What you are asked to do
The data below holds a line containing "(z : C2 (comp1 x" and a line containing "(z : C2 (comp1 e"; please quote exactly those two lines and every line between them, and nothing else.

^^^^^^^^

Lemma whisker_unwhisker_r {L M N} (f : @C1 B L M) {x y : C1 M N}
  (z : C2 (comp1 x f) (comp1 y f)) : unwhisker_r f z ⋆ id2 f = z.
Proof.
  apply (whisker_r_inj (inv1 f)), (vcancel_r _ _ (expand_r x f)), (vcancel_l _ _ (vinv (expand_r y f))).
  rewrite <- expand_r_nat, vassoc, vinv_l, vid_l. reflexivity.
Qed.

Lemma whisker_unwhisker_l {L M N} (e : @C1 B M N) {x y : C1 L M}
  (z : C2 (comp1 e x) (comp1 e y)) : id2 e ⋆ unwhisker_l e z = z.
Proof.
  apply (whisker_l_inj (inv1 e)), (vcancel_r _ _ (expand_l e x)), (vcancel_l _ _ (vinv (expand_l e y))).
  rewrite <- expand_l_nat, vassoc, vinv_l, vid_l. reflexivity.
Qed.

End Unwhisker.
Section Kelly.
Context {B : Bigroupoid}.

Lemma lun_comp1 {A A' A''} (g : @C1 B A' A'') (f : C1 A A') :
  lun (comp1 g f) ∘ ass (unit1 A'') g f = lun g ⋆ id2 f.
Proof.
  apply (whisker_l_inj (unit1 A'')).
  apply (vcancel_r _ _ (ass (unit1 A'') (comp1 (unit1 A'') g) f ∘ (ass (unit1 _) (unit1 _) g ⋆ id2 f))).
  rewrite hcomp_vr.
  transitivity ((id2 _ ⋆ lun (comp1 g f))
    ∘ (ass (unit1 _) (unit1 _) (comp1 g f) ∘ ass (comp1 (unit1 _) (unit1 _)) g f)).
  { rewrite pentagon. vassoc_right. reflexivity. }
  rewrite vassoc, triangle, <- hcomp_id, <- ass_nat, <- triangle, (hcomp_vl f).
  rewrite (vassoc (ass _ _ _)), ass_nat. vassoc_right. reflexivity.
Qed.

^^^^^^^^

Completed exercise
  (z : C2 (comp1 x f) (comp1 y f)) : unwhisker_r f z ⋆ id2 f = z.
Proof.
  apply (whisker_r_inj (inv1 f)), (vcancel_r _ _ (expand_r x f)), (vcancel_l _ _ (vinv (expand_r y f))).
  rewrite <- expand_r_nat, vassoc, vinv_l, vid_l. reflexivity.
Qed.

Lemma whisker_unwhisker_l {L M N} (e : @C1 B M N) {x y : C1 L M}
  (z : C2 (comp1 e x) (comp1 e y)) : id2 e ⋆ unwhisker_l e z = z.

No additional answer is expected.